Yet this week, science is at the forefront. Students work in groups to create posters of the water cycle which incorporate not only major concepts, such as evaporation, but also what they have learned first hand about how water passes through plants. Ms Giorgi introduces the project to her class: “Sometimes school is about giving information and spitting it back. But that’s not how the world works. You have to figure stuff out. Your future boss won’t give you all the information. Look up various water cycle diagrams and if they don’t involve the plants, look for a better one. Make sure you include groundwater, and think about how water gets into the ground to become ‘groundwater.’ Cite your references, and answer the questions on the board.” Ms. Giorgi’s whiteboard is full of real-world questions such as “Who is entitled to water?” “What about in a drought?” “Do we have the right to as much water as we used last year even in a drought?”



Above: One group’s water cycle drawing, in progress. Each group’s work is different.


It is clear that Ms. Giorgi’s class is both an inquiry science class and an agriculture class. Students are learning how the world works, and how people work within it. The combination of outdoor garden work and science inquiry is powerful. Real world conflicts over water are discussed and argued in her class, just as they are in the world. Ms. Giorgi suggests that we cannot insulate students from world crises. Rather, we can teach them problem solving skills which build their confidence. “We need to help our students learn to negotiate an unsafe world,” she states.


Social studies in the garden: Food pathways, geography, and historical connections.

“In connection with geography curricula which occur throughout Social Studies, students reflect on their own heritage foods and those of others in a food pathways unit. They grow some of their own foods in the heritage foods garden, and grow those of others in a food pathways unit,” states Lisa Mowry, Social Studies Department Chair. Three tall cotton plants stand outside a classroom door. Students have grown them from seeds in an effort to connect the plant to both the 7th grade World History and 8th grade US History curricula. Students learn about the process of seed saving, germination, maturity, harvesting and processing cotton, and about the role that cotton has played through many times and cultures. Many are surprised to learn that this crop originated in South America, Africa, and South and West Asia before being grown in the USA.


Issues of equality are central to the class. In the fall, every seventh and eighth grade student was allowed to plant a bulb. One person, one vote. They were told that in the spring, when they harvest their flowers, they will be studying the Civil War and the Thirteenth, Fourteenth and Fifteenth Amendments that came from it. Their bulbs are “linking them to Lincoln.” “Anything we can do to get kids to connect to the curriculum in a more meaningful way is a win for us. The gardens do this,” says Ms. Mowry. But Ms. Mowry credits her teaching partner, Anna Pegg, for the proliferation of gardens which surround the social studies building and extend further and further over the Holmes campus.
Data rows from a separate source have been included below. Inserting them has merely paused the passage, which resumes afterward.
Lemma RInt_reflect (k : R -> R) a b : ex_RInt k a b ->
  RInt k a b = RInt (fun s => k (1 - s)) (1 - b) (1 - a).
Proof.
  intros He. symmetry. apply (@is_RInt_unique R_CompleteNormedModule).
  pose proof (@RInt_correct R_CompleteNormedModule k a b He) as H1.
  apply (@is_RInt_swap R_NormedModule) in H1.
  assert (H2 : is_RInt k (-1 * (1 - b) + 1) (-1 * (1 - a) + 1) (opp (RInt k a b))).
  { replace (-1 * (1 - b) + 1) with b by ring. replace (-1 * (1 - a) + 1) with a by ring.
    exact H1. }
  apply (@is_RInt_comp_lin R_NormedModule) in H2.
  apply (@is_RInt_scal R_NormedModule _ _ _ (-1)) in H2.
  replace (RInt k a b) with (@scal R_AbsRing R_NormedModule (-1) (@opp R_NormedModule (RInt k a b)))
    by (change (-1 * - RInt k a b = RInt k a b); ring).
  eapply (@is_RInt_ext R_NormedModule); [|exact H2].
  intros x _. change (-1 * (-1 * k (-1 * x + 1)) = k (1 - x)).
  replace (-1 * x + 1) with (1 - x) by ring. ring.
Qed.

Section Psi1Inverse.
Variables psi1 psi1inv : R -> R.
Hypothesis psi1_nonneg : forall x, 0 <= x -> 0 <= psi1 x.
Hypothesis psi1_inc : forall x y, 0 <= x -> x < y -> psi1 x < psi1 y.
Hypothesis psi1inv_spec : forall y, 0 <= y -> 0 <= psi1inv y /\ psi1 (psi1inv y) = y.

Lemma psi1_le x y : 0 <= x -> x <= y -> psi1 x <= psi1 y.
Proof. intros. destruct (Req_dec x y) as [->|]; [lra|]. left; apply psi1_inc; lra. Qed.

Lemma psi1_le_inv x y : 0 <= x -> 0 <= y -> psi1 x <= psi1 y -> x <= y.
Proof. intros. destruct (Rle_lt_dec x y); auto. pose proof (psi1_inc y x). lra. Qed.

Lemma psi1inv_mono a b : 0 <= a -> a <= b -> psi1inv a <= psi1inv b.
Proof.
  intros. destruct (psi1inv_spec a) as [A1 A2]; auto.
  destruct (psi1inv_spec b) as [B1 B2]; [lra|].
  apply psi1_le_inv; auto. lra.
Qed.

Lemma psi1inv_psi1 x : 0 <= x -> psi1inv (psi1 x) = x.
Proof.
  intros Hx. destruct (psi1inv_spec (psi1 x) (psi1_nonneg x Hx)) as [C1 C2].
  apply Rle_antisym; apply psi1_le_inv; auto; lra.
Qed.

(* psi1inv is continuous on [0,oo), being the inverse of an increasing bijection;
   we extend it to R by composing with the projection onto [0,oo). *)
Lemma psi1inv_cont y0 : continuity_pt (fun y => psi1inv (Rmax 0 y)) y0.
Proof.
  unfold continuity_pt, continue_in, limit1_in, limit_in; simpl; unfold R_dist.
  intros eps Heps.
  set (yv := Rmax 0 y0). assert (Hyv : 0 <= yv) by apply Rmax_l.
  destruct (psi1inv_spec yv Hyv) as [X1 X2]. set (x0 := psi1inv yv) in *.
  (* gaps between yv and the images of x0 +- eps/2 *)
  set (g1 := psi1 (x0 + eps / 2) - yv).
  assert (Hg1 : 0 < g1).
  { unfold g1. rewrite <- X2. pose proof (psi1_inc x0 (x0 + eps / 2)). lra. }
  set (g2 := if Rlt_dec 0 (x0 - eps / 2) then yv - psi1 (x0 - eps / 2) else 1).
  assert (Hg2 : 0 < g2).
  { unfold g2; destruct Rlt_dec; [|lra].
    rewrite <- X2. pose proof (psi1_inc (x0 - eps / 2) x0). lra. }
  exists (Rmin g1 g2). split; [apply Rmin_pos; auto|].
  intros y [_ Hy]. pose proof (Rmin_l g1 g2). pose proof (Rmin_r g1 g2).
  assert (Hz : Rabs (Rmax 0 y - yv) < Rmin g1 g2).
  { eapply Rle_lt_trans; [|exact Hy]. unfold yv, Rmax, Rabs;
      repeat destruct Rle_dec; repeat destruct Rcase_abs; lra. }
  set (z := Rmax 0 y) in *. assert (Hz0 : 0 <= z) by apply Rmax_l.
  destruct (psi1inv_spec z Hz0) as [Z1 Z2]. set (x := psi1inv z) in *.
  apply Rabs_def2 in Hz. apply Rabs_def1.
  - destruct (Rlt_le_dec (x - x0) eps); auto.
    pose proof (psi1_le (x0 + eps / 2) x ltac:(lra) ltac:(lra)). unfold g1 in *. lra.
  - destruct (Rlt_le_dec (- eps) (x - x0)); auto.
    unfold g2 in *. destruct Rlt_dec; [|lra].
    pose proof (psi1_le x (x0 - eps / 2) Z1 ltac:(lra)). lra.
Qed.

Lemma ex_RInt_psi1inv_comp (G : R -> R) eps a b : 0 <= eps -> a <= b ->
  (forall t, a <= t <= b -> continuous G t) -> (forall t, a <= t <= b -> 0 <= G t) ->
  ex_RInt (fun t => psi1inv (eps * G t)) a b.
Proof.
  intros He Hab HGc HG0.
  apply (ex_RInt_ext (fun t => psi1inv (Rmax 0 (eps * G t)))).
  { intros x Hx. rewrite Rmin_left, Rmax_right in Hx by lra.
    rewrite Rmax_right; auto. apply Rmult_le_pos; auto. apply HG0; lra. }
  apply (@ex_RInt_continuous R_CompleteNormedModule). intros z Hz.
  rewrite Rmin_left, Rmax_right in Hz by lra.
  apply (continuous_comp (fun s => eps * G s) (fun y => psi1inv (Rmax 0 y))).
  - apply (continuous_scal_r eps G z), HGc, Hz.
  - apply continuity_pt_filterlim, psi1inv_cont.
Qed.

End Psi1Inverse.

Section Phi.
Variable phi : R -> R.
Hypothesis Hphi : odd_inc_homeo phi.

Lemma phi_0 : phi 0 = 0.
Proof. destruct Hphi as [_ [_ [_ Ho]]]. specialize (Ho 0). rewrite Ropp_0 in Ho. lra. Qed.

Lemma phi_pos s : 0 < s -> 0 < phi s.
Proof. intros Hs. pose proof phi_0. destruct Hphi as [Hi _]. specialize (Hi 0 s Hs). lra. Qed.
Ms. Pegg’s students start winter vegetables in a greenhouse and simultaneously from seed in garden beds, to see which way they grow best. She gets donations from nurseries and businesses, like Tandem, which has just given picnic tables so kids can study outside in the gardens. “It takes so much pressure off the classroom when they spread outside,” says Ms. Pegg, who shares Ms. Giorgi’s dream of the outdoors as an extension of the classroom.


Islands of plants and sculptures wind throughout the Holmes campus. These evolved from the study of ancient history. Ms. Pegg and Ms. Mowry began by having students study the paths they normally take between their classrooms. They learned that no one walks on sidewalks and goes in perpendicular lines. Everyone cuts across. Ms. Pegg suggests that this is how paths began: with animals taking the shortest route. Then people began to build roads. Holmes students re-create human path building by studying how they themselves move, then creating island gardens between their paths. “I like to look at the garden as social development- showing the process of history, “ says Ms. Pegg.

Found objects are used as barriers around plantings. When trees are cut down, students gather the branches to serve as borders. Decorated abandoned bicycles and old shoes create sculptures in the gardens. In the herb tea garden, art students in Ms Hohmann’s ceramics classes have made tea pots to accompany the herbs, and each student makes a cup to drink their tea. Connections are made everywhere, and student suggestions are welcomed. The gardens are organic, emergent rather than planned.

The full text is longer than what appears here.